Quote from: Jayne on March 09, 2014, 09:46:01 PM
"i'd rather spend the rest of my life as an ugly woman than end my life as a man"
I have used this quote recently myself, as I am tired of asking out of this male body. I stopped praying for it once I accepted why I was and began to work on connecting to my feelings as well as attempting to lose weight and work towards becoming physically congruent with what my spirit and mind seem to have always expected.
Don't get me wrong, as I like many people love pretty things, thus would like to be pretty myself. However, physically pretty is just one of the many forms of pretty that make us up. Even though I have even pulled off pretty as a male, it always just made me feel slightly better as I knew that I was not right and being told I was pretty just reminded me of that so I had not fully appreciated the compliment. Thus the reason I feel the willingness to adhere to that quote. That and that I am transitioning for me, and not for the world to judge how pretty or ugly I am. Though I will take their compliments if I am able.

We all really need to ask ourselves if we can accept this approach, as it is a good litmus test about if transition is right for us. As again, not everyone chooses to transition and this is just one of those situations where I can see waiting if not just taking time to work on yourself, mind most importantly. I would start with asking yourself, "is this pain and depression worth living with due to my anxiety of bringing this to a therapist?" I already know the answer is that no it is not worth it, and you will soon be talking to a therapist.
As a matter of fact, you can start with the therapist simply by stating you have depression and soon after you will be able to share the source. Because you know the source I would say you may want to choose a therapist who has gender issue experience, but it is not a must at this stage. However, do get into see one as it is extremely helpful even to those not suffering as much as you are sweetie.

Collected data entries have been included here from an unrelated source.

(* Lambda^(q)_t only reads the types along the contour and the number of vertices,
   so it depends on the unlabeled tree alone, and it suffices that T_n and T_n^sym
   have the same shape law.  For shapes t, t' let m(t,t') be the number of
   sigma in P_t with sigma(t) = t'.  Since sigma(t) = t' iff sigma^-1(t') = t,
   m is symmetric, and |P_t| = |P_t'| whenever m(t,t') > 0.  With the invariance (i)
   of the shape law this gives the detailed balance
     P(T = t) m(t,t') / |P_t| = P(T = t') m(t',t) / |P_t'|,
   and summing over t yields P(T^sym = t') = P(T = t').  Shapes form a countable set,
   so equal laws give equal expectations of every function of the shape.  Only
   property (i) of validity is used. *)

From Pilot Require Import Defs.
From HB Require Import structures.
From mathcomp Require Import all_boot all_order all_algebra all_fingroup.
From mathcomp Require Import all_classical all_reals all_analysis.
Import Order.TTheory GRing.Theory Num.Theory numFieldNormedType.Exports.
Set Implicit Arguments. Unset Strict Implicit. Unset Printing Implicit Defensive.
Local Open Scope classical_set_scope.
Local Open Scope ring_scope.

(* [seq.shape] would otherwise shadow the forgetful map of Defs. *)
Local Notation shape := (@Defs.shape _ _).

Section TreeInduction.
Variables (S L : Type) (P : ptree S L -> Prop).
Hypothesis IH : forall s cs, (forall c, inseq c cs -> P c.2) -> P (PNode s cs).

Fixpoint ptree_ind_inseq (t : ptree S L) : P t :=
  let: PNode s cs := t in
  IH s ((fix children cs : forall c, inseq c cs -> P c.2 :=
    if cs is c' :: cs' then fun c in_c =>
      match in_c with
      | or_introl e => eq_ind c' (fun c => P c.2) (ptree_ind_inseq c'.2) c e
      | or_intror in_cs' => children cs' c in_cs'
      end
    else fun c (in_c : False) => False_ind _ in_c) cs).

End TreeInduction.

Lemma inseq_in (A : eqType) (x : A) s : inseq x s <-> x \in s.
Proof.
elim: s => //= a s IHs; rewrite in_cons; split.
  by case=> [->|/IHs ->]; rewrite ?eqxx ?orbT.
by case/orP=> [/eqP ->|/IHs]; [left|right].
Qed.

Lemma eq_map_inseq (A B : Type) (f g : A -> B) (s : seq A) :
  (forall c, inseq c s -> f c = g c) -> map f s = map g s.
Proof.
elim: s => //= a s IHs fg; rewrite fg; last by left.
by rewrite IHs // => c s_c; apply: fg; right.
Qed.

Section Unfolding.
Variables (S L : Type).

Lemma shape_PNode s (cs : seq (L * ptree S L)) :
  shape (PNode s cs) = PNode s [seq (tt, shape c.2) | c <- cs].
Proof. by congr PNode; elim: cs => //= c cs ->. Qed.

Lemma contour_PNode s (cs : seq (L * ptree S L)) :
  contour (PNode s cs) = s :: flatten [seq contour c.2 ++ [:: s] | c <- cs].
Proof. by congr cons; elim: cs => //= c cs ->; rewrite -catA. Qed.

Fixpoint child_vertices (A : Type) (vs : A -> seq (seq nat)) (i : nat)
    (cs : seq (L * A)) : seq (seq nat) :=
  if cs is c :: cs' then [seq i :: w | w <- vs c.2] ++ child_vertices vs i.+1 cs'
  else [::].

Lemma vertices_PNode s (cs : seq (L * ptree S L)) :
  vertices (PNode s cs) = [::] :: child_vertices (@vertices S L) 0 cs.
Proof. by rewrite /=; congr cons; elim: cs 0%N => //= c cs IHcs i; rewrite IHcs. Qed.

End Unfolding.

Section ShapeInvariants.
Variables (S L : Type).

Lemma contour_shape (x : ptree S L) : contour (shape x) = contour x.
Proof.
elim/ptree_ind_inseq: x => s cs IH.
rewrite shape_PNode !contour_PNode -map_comp.
by congr (_ :: flatten _); apply: eq_map_inseq => c /IH /= ->.
Qed.

Lemma vertices_shape (x : ptree S L) : vertices (shape x) = vertices x.
Proof.
elim/ptree_ind_inseq: x => s cs IH.
rewrite shape_PNode !vertices_PNode; congr cons.
elim: cs 0%N IH => //= c cs IHcs i IH.
by rewrite IH /=; [rewrite IHcs // => c' ?; apply: IH; right | left].
Qed.
(* Let $\langle A,C,d,O,v,(\prec_a)_{a\in A}\rangle$ be an infinite sequential game, let $a\in A$, and assume: (1) $\prec_a$ is a strict weak order; (2) for every play $p\in C^\omega$ and increasing $\varphi:\mathbb{N}\to\mathbb{N}$, if $d(p_{<\varphi(n)})=a$ and $G_a(p_{<\varphi(n+1)})\subsetneq G_a(p_{<\varphi(n)})$ for all $n\in\mathbb{N}$, then $v(p)\in\bigcap_{n\in\mathbb{N}}G_a(p_{<\varphi(n)})$; (3) for every $\gamma\in C^*$ there exists a strategy $s$ of $a$ with $g_a(\gamma,s)=G_a(\gamma)$. Then there exists a strategy $s$ of $a$ such that $g_a(\gamma,s)=G_a(\gamma)$ for all $\gamma\in C^*$.
   Context: An infinite sequential game $\langle A,C,d,O,v,(\prec_a)_{a\in A}\rangle$ consists of a non-empty set of agents $A$, a non-empty set of choices $C$, $d:C^*\to A$ (the agent choosing after each finite history), a non-empty set of outcomes $O$, $v:C^\omega\to O$, and binary relations $\prec_a$ on $O$. A strategy of $a$ is a function $s:d^{-1}(\{a\})\to C$. For a partial function $t:\subseteq C^*\to C$, $P(t)$ is the set of plays $p(\sigma)$ (where $p_n=\sigma(p_{<n})$) over all total $\sigma:C^*\to C$ extending $t$. For $\gamma\in C^*$ and strategy $s$ of $a$, $s|_\gamma$ is the restriction of $s$ to histories in $d^{-1}(\{a\})$ extending $\gamma$; $g_a(\gamma,s):=\{o\in O\mid\exists p\in P(s|_\gamma)\cap\gamma C^\omega,\ \neg(o\prec_a v(p))\}$ and $G_a(\gamma):=\bigcap_s g_a(\gamma,s)$ over all strategies $s$ of $a$. $p_{<n}$ is the length-$n$ prefix of $p$. A strict weak order is an irreflexive, transitive relation $\prec$ such that $\neg(x\prec y)\wedge\neg(y\prec z)$ implies $\neg(x\prec z)$. *)

From Stdlib Require Import List.
Import ListNotations.
Set Implicit Arguments.

Section Games.
Variables (A C O : Type).

Definition prefix (p : nat -> C) (n : nat) : list C := map p (seq 0 n).

Fixpoint hist (sigma : list C -> C) (n : nat) : list C :=
  match n with
  | 0 => []
  | S m => hist sigma m ++ [sigma (hist sigma m)]
  end.

Definition play (sigma : list C -> C) : nat -> C := fun n => sigma (hist sigma n).

Definition Pplays (Dom : list C -> Prop) (t : forall h, Dom h -> C) (p : nat -> C) : Prop :=
  exists sigma : list C -> C,
    (forall h (Hh : Dom h), sigma h = t h Hh) /\ (forall n, p n = play sigma n).

Variable d : list C -> A.

Definition strategy (a : A) : Type := forall h : list C, d h = a -> C.
Definition boundary_sub (T : Type) (pT : predType T) (adj : rel T) (C N : pT) :=
  forall u w, u \in C -> adj u w -> (w \in C) || (w \in N).

Section Fans.
Variables (T : finType) (adj : rel T).

Lemma path_meets_boundary (C N : {set T}) a p :
  boundary_sub adj C N -> a \in C -> path adj a p -> last a p \notin C -> has (mem N) p.
Proof.
move=> closedC; elim: p a => [|b p IHp] a aC /=; first by rewrite aC.
case/andP=> ab bp lastNC; have /orP[bC|bN] := closedC _ _ aC ab.
- by rewrite (IHp b) ?orbT.
- by rewrite bN.
Qed.

Lemma fan_size_le (S C N : {set T}) v ps :
  boundary_sub adj C N -> v \in C -> [disjoint C & S] -> fan adj S v ps -> size ps <= #|N|.
Proof.
move=> closedC vC CS [ps_paths ps_disj].
have exitN p : p \in ps -> has (mem N) p.
  case/ps_paths=> vp _ lastS; apply: path_meets_boundary closedC vC vp _.
  by apply: contraTN lastS => lastC; rewrite (disjointFr CS lastC).
pose exit (p : seq T) := odflt v [pick u in N | u \in p].
have exitP p : p \in ps -> (exit p \in N) && (exit p \in p).
  move/exitN/hasP=> [u up uN]; have {}uN : u \in N := uN; rewrite /exit.
  by case: pickP => [u' /andP[-> ->] // | /(_ u)]; rewrite uN up.
have uniq_exits : uniq (map exit ps).
  apply/(uniqP v) => i j; rewrite !inE size_map => ilt jlt.
  rewrite !(nth_map [::]) //; apply: contra_eq => ij.
  have /andP[_ ei] := exitP _ (mem_nth [::] ilt).
  have /andP[_ ej] := exitP _ (mem_nth [::] jlt).
  by apply: contraTneq ej => <-; rewrite (disjointFr (ps_disj i j ilt jlt ij) ei).
rewrite -(size_map exit) -(card_uniqP uniq_exits); apply/subset_leq_card/subsetP.
by move=> u /mapP[p /exitP /andP[uN _] ->].
Qed.

Lemma linked_of_paths (S : {set T}) v (ss : seq (seq T)) :
  (forall s, s \in ss -> path adj v s /\ has (mem S) s) ->
  uniq (v :: flatten ss) -> linked adj (size ss) v S.
Proof.
move=> ss_paths uniq_vss.
have ss_disj : pairwise (fun s t => [disjoint s & t]) ss.
  by case/andP: uniq_vss => _ /uniq_flatten_disjoint.
pose prefix s := rcons (take (find (mem S) s) s) (nth v s (find (mem S) s)).
exists (map prefix ss); split; first by rewrite size_map.
split=> [_ /mapP[s sin ->] | i j].
  have [vs sS] := ss_paths s sin; have uvs := uniq_flatten_cons uniq_vss sin.
  rewrite /prefix; case: (split_find_nth v sS) vs uvs => x s1 s2 xS _.
  by rewrite cat_path -cat_cons cat_uniq last_rcons => /andP[-> _] /andP[-> _].
rewrite size_map => ilt jlt ij; rewrite !(nth_map [::]) //.
wlog lt_ij : i j ilt jlt ij / i < j.
  move=> wlog_ij; case: (ltngtP i j) => [lt_ij | lt_ji | eq_ij].
  - exact: wlog_ij.
  - by rewrite disjoint_sym wlog_ij // eq_sym.
  - by rewrite eq_ij eqxx in ij.
have := (pairwiseP [::] ss_disj) i j ilt jlt lt_ij.
have prefix_sub s : s \in ss -> prefix s \subset s.
  case/ss_paths=> _ sS; apply/subsetP=> u.
  by rewrite mem_rcons inE => /orP[/eqP-> | /mem_take //]; rewrite mem_nth -?has_find.
by apply: disjointW; apply/prefix_sub/mem_nth.
Qed.

Lemma linked0 (S : {set T}) v : linked adj 0 v S.
Proof. by exists [::]; split=> //; split=> // i. Qed.

End Fans.

Section Subgraph.
Variables (T : finType) (P : pred T) (adj : rel T).
Local Notation U := {x | P x}.

Lemma exists_val_has (S : {set U}) (L : seq T) :
  [exists v in S, val v \in L] = has (mem (val @: S)) L.
Proof.
apply/existsP/hasP=> [[u /andP[uS uL]] | [a aL /imsetP[u uS aE]]].
  by exists (val u) => //; apply: imset_f.
by exists u; rewrite uS -aE.
Qed.

Lemma fan_val_size_le (S : {set U}) v ps (C N : seq T) :
  boundary_sub adj C N -> val v \in C -> ~~ has (mem (val @: S)) C ->
  fan (relpre val adj) S v ps -> size ps <= size N.
Proof.
move=> closedC vC CS fan_ps.
pose C' := [set u : U | val u \in C]; pose N' := [set u : U | val u \in N].
have closedC' : boundary_sub (relpre val adj) C' N'.
  by move=> u w; rewrite !inE; apply: closedC.
have C'S : [disjoint C' & S].
  apply/pred0P=> u /=; apply/negbTE/andP=> -[]; rewrite inE => uC uS; case/hasP: CS.
  by exists (val u); rewrite /= ?imset_f.
have vC' : v \in C' by rewrite inE.
apply: leq_trans (fan_size_le closedC' vC' C'S fan_ps) _.
rewrite -(card_imset _ val_inj); apply: leq_trans _ (card_size N).
by apply/subset_leq_card/subsetP=> a /imsetP[u uN ->]; rewrite inE in uN.
Qed.

Lemma linked_val_paths (S : {set U}) v (ss : seq (seq T)) :
  (forall a b, adj a b -> P b) ->
  (forall s, s \in ss -> path adj (val v) s /\ has (mem (val @: S)) s) ->
  uniq (val v :: flatten ss) -> linked (relpre val adj) (size ss) v S.
Proof.
move=> adjP ss_paths uniq_vss.
have pathP a s : path adj a s -> all P s.
  by elim: s a => //= b s IHs a /andP[/adjP-> /IHs].
pose lift s := map (insubd v) s.
have liftK s : all P s -> map val (lift s) = s.
  by move/allP=> Ps; rewrite -map_comp map_id_in // => a /Ps /= Pa; rewrite insubdK.
rewrite -(size_map lift); apply: linked_of_paths => [_ /mapP[s sin ->] |].
  have [vs sS] := ss_paths s sin; have Ps := pathP _ _ vs.
  split; first by rewrite -(@path_map _ _ val) liftK.
  move: sS; rewrite -{1}(liftK s Ps) has_map.
  by apply: sub_has => u; rewrite /preim /= mem_imset //; apply: val_inj.
have liftK_ss : map (map val \o lift) ss = ss.
  by apply: map_id_in => s /ss_paths[/pathP /liftK].
by rewrite -(map_inj_uniq val_inj) /= map_flatten -map_comp liftK_ss.
Qed.
(* Let $M$ be a pseudofinite $\mathcal{L}$-structure (an infinite ultraproduct of finite $\mathcal{L}$-structures) and $X\subseteq M^n$ an internal set. Suppose there is $r\in\mathbb{N}$ such that for every $\mathcal{L}$-formula $\varphi(x,y)$ over $\emptyset$ with $|x|=1$ and every $b\in M^{|y|}$, $\pmb{\delta}_X(\varphi(x,b))\in\{0,1,\dots,r\}$, and for each $i\le r$ the set $\{b\in M^{|y|}:\pmb{\delta}_X(\varphi(x,b))=i\}$ is $\emptyset$-definable. Then for every formula $\psi(x,y)$ and every $c\in M^{|y|}$, $\pmb{\delta}_X(\psi(x,c))\in\{0,\dots,|x|\cdot r\}$. Moreover, $\pmb{\delta}_X$ is definable.
   Context: For internal $D=\prod D_i/\mathcal{U}$, $|D|=(|D_i|)/\mathcal{U}\in\mathbb{R}^*$; for definable $A$, $\pmb{\delta}_X(A)=\mathrm{st}(\log|A|/\log|X|)$. $\pmb{\delta}_X$ is continuous if for every parameter-free formula $\phi(x,y)$ and reals $r_1<r_2$ there is a $\emptyset$-definable $D$ with $\{a:\pmb{\delta}_X(\phi(x,a))\le r_1\}\subseteq D\subseteq\{a:\pmb{\delta}_X(\phi(x,a))<r_2\}$; it is definable if it is continuous and for every parameter-free $\phi(x,y)$ the set $\{\pmb{\delta}_X(\phi(x,a)):a\in M^{|y|}\}$ is finite. *)

From Stdlib Require Import Reals.
From Coquelicot Require Import Rbar.
From mathcomp Require Import all_boot.
From mathcomp Require Import boolp.
Open Scope nat_scope.

Set Implicit Arguments.
Unset Strict Implicit.
Unset Printing Implicit Defensive.

Record language := Language {
  Fsym : Type; fun_ar : Fsym -> nat;
  Rsym : Type; rel_ar : Rsym -> nat }.

Inductive term (L : language) : Type :=
  | tvar : nat -> term L
  | tapp : forall f : Fsym L, ('I_(fun_ar f) -> term L) -> term L.

(* Formulas (with equality); variables are named by natural numbers.
   Other connectives/quantifiers are definable from these. There are no
   parameter constants: every formula is over the empty set. *)
Inductive formula (L : language) : Type :=
  | fEq  : term L -> term L -> formula L
  | fRel : forall r : Rsym L, ('I_(rel_ar r) -> term L) -> formula L
  | fNot : formula L -> formula L
  | fAnd : formula L -> formula L -> formula L
  | fEx  : nat -> formula L -> formula L.

Fixpoint tfree (L : language) (j : nat) (t : term L) : Prop :=
  match t with
  | tvar k => j = k
  | tapp f args => exists i, tfree j (args i)
  end.

Fixpoint free (L : language) (j : nat) (phi : formula L) : Prop :=
  match phi with
  | fEq t1 t2 => tfree j t1 \/ tfree j t2
  | fRel r args => exists i, tfree j (args i)
  | fNot p => free j p
  | fAnd p q => free j p \/ free j q
  | fEx x p => j <> x /\ free j p
  end.

Definition fv_lt (L : language) (k : nat) (phi : formula L) : Prop :=
  forall j, free j phi -> (j < k)%N.

(* A structure is given with the relation interpreting the equality   *)
(* symbol (actual equality for genuine structures; the ultrafilter    *)
(* congruence for the ultraproduct, presented as a setoid).           *)

Record structure (L : language) := Structure {
  scar : Type;
  seqr : scar -> scar -> Prop;
  sfun : forall f : Fsym L, ('I_(fun_ar f) -> scar) -> scar;
  srel : forall r : Rsym L, ('I_(rel_ar r) -> scar) -> Prop }.

Fixpoint teval (L : language) (S : structure L) (v : nat -> scar S)
  (t : term L) : scar S :=
  match t with
  | tvar k => v k
  | tapp f args => @sfun L S f (fun j => teval v (args j))
  end.
Lemma RegQ_level Q n S : #|Q| <= n.+1 -> RegQ Q S -> RegQ (level n) S.
Proof.
move=> le_Qn RS; apply: (RegQ_intro (F := fun d => exists N, d = csem (level n) N /\ S N)) => M.
split=> [SM | [N [E SN]]]; first by exists M.
apply: RegQ_csem RS _ SN.
exact: (agree_level (csem_profinite N) (csem_profinite M) le_Qn (esym E)).
Qed.

Lemma Reg_common S S' : Reg S -> Reg S' -> exists n, RegQ (level n) S /\ RegQ (level n) S'.
Proof.
move=> [Q RS] [Q' RS']; exists (#|Q| + #|Q'|).
by split; [apply: RegQ_level RS; apply/leqW/leq_addr | apply: RegQ_level RS'; apply/leqW/leq_addl].
Qed.

End Regular.

(* Membership of a profinite term in [S], tested at any finite set recognising [S];
   [ultra_of_csem] shows the choice of that set is irrelevant. *)
Definition ultra_of A (th : forall Q : finType, sem Q A) (S : cterm A -> Prop) : Prop :=
  exists Q : finType, RegQ Q S /\ exists M, th Q = csem Q M /\ S M.

Section UltrafilterOfProfinite.
Variables (A : ty) (th : forall Q : finType, sem Q A).
Hypothesis th_prof : is_profinite th.
Implicit Types (Q : finType) (S : cterm A -> Prop) (M N : cterm A).

Lemma ultra_of_Reg S : ultra_of th S -> Reg S.
Proof. by move=> [Q [RS _]]; exists Q. Qed.

Lemma ultra_of_csem Q S M : RegQ Q S -> th Q = csem Q M -> (ultra_of th S <-> S M).
Proof.
move=> RS thM; split=> [[Q1 [RS1 [M1 [thM1 SM1]]]] | SM]; last by exists Q; split; last exists M.
have [N thN] := profinite_local (#|Q| + #|Q1|) th_prof.
have SN : S N by apply: RegQ_csem RS1 _ SM1; rewrite -thM1 thN //; apply/leqW/leq_addl.
by apply: RegQ_csem RS _ SN; rewrite -thM thN //; apply/leqW/leq_addr.
Qed.

Lemma ultra_of_common S S' : Reg S -> Reg S' ->
  exists Q M, [/\ RegQ Q S, RegQ Q S' & th Q = csem Q M].
Proof.
move=> RS RS'; have [n [RnS RnS']] := Reg_common RS RS'.
by have [M thM] := proj1 th_prof (level n); exists (level n), M.
Qed.
(* (a) For every natural number $n\geq1$, the powers $\mathcal{R}_{\mathcal{S}}^{\,n}$ and $\mathcal{I}_{\mathcal{S}}^{\,n}$ have a $\pi$-tree. (b) The countable powers $\mathcal{R}_{\mathcal{S}}^{\,\omega}$ and $\mathcal{I}_{\mathcal{S}}^{\,\omega}$ have a $\pi$-tree.
   Context: $\mathcal{R}_{\mathcal{S}}$ is the Sorgenfrey line (reals with the topology generated by $[a,b)$); $\mathcal{I}_{\mathcal{S}}=\mathcal{R}_{\mathcal{S}}\setminus\mathbb{Q}$ is the irrational Sorgenfrey line (subspace). Powers carry the Tychonoff product topology. Neighbourhoods are not necessarily open. ${}^{<\omega}\omega$ is the set of finite sequences of natural numbers. A tree is a strict partial order in which the set of predecessors of every node is well-ordered; a branch is a maximal chain; $\mathrm{sons}(x)$ is the set of immediate successors of $x$; $0$ denotes the least node. A foliage tree is a pair $\mathbf{F}=(T,l)$ with $T$ a tree (skeleton) and $l$ a function on its nodes, $\mathbf{F}_x:=l(x)$; tree notions apply via the skeleton. $\mathrm{shoot}_{\mathbf{F}}(v)=\{\bigcup_{x\in C}\mathbf{F}_x: C\text{ a cofinite subset of }\mathrm{sons}_{\mathbf{F}}(v)\}$; $\mathrm{scope}_{\mathbf{F}}(p)=\{x:p\in\mathbf{F}_x\}$. $\gamma\gg\delta$ means every nonempty $D\in\delta$ contains some nonempty $G\in\gamma$. $\mathbf{F}$ is locally strict if each non-maximal leaf $\mathbf{F}_x$ is the disjoint union of $\mathbf{F}_s$, $s\in\mathrm{sons}(x)$; has strict branches if it has a node and for each branch $B$, $\bigcap_{x\in B}\mathbf{F}_x$ is a singleton; is open in $X$ if all leaves are open in $X$; is a foliage $\omega,\omega$-tree if its skeleton is order-isomorphic to $({}^{<\omega}\omega,\subsetneq)$. A Baire foliage tree on $X$ is an open in $X$, locally strict foliage $\omega,\omega$-tree with strict branches and $\mathbf{F}_{0_{\mathbf{F}}}=X$. $\mathbf{F}$ grows into $X$ if for every $p\in X$ and neighbourhood $U$ of $p$ there is $z\in\mathrm{scope}_{\mathbf{F}}(p)$ with $\mathrm{shoot}_{\mathbf{F}}(z)\gg\{U\}$. A $\pi$-tree on $X$ is a Baire foliage tree on $X$ that grows into $X$; a space has a $\pi$-tree if there is one on it. *)

From Stdlib Require Import Reals List QArith Qreals.
Open Scope R_scope.

Definition sorg_open (U : R -> Prop) : Prop :=
  forall x, U x -> exists a b, a <= x < b /\ (forall y, a <= y < b -> U y).

Definition irrational (x : R) : Prop := ~ (exists q : Q, x = Q2R q).
Definition Irr : Type := { x : R | irrational x }.
Definition irr_open (V : Irr -> Prop) : Prop :=
  exists U, sorg_open U /\ forall x : Irr, V x <-> U (proj1_sig x).

Definition prod_open {I X : Type} (op : (X -> Prop) -> Prop) (U : (I -> X) -> Prop) : Prop :=
  forall f, U f ->
    exists (L : list I) (V : I -> X -> Prop),
      (forall i, op (V i)) /\ (forall i, In i L -> V i (f i)) /\
      (forall g, (forall i, In i L -> V i (g i)) -> U g).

Now go love yourself just a little by being brave (remember the bravest are those who overcome their fear, not those foolish enough to not have fear) and overcoming your fear. Wait on the family thing if it is that distressing, as you really should be better prepared before coming out to them anyways.
By the way, your honesty here with this post, is a sign of bravery you probably did not realize you had already. So you're able to, even if you start off with a therapist about the depression.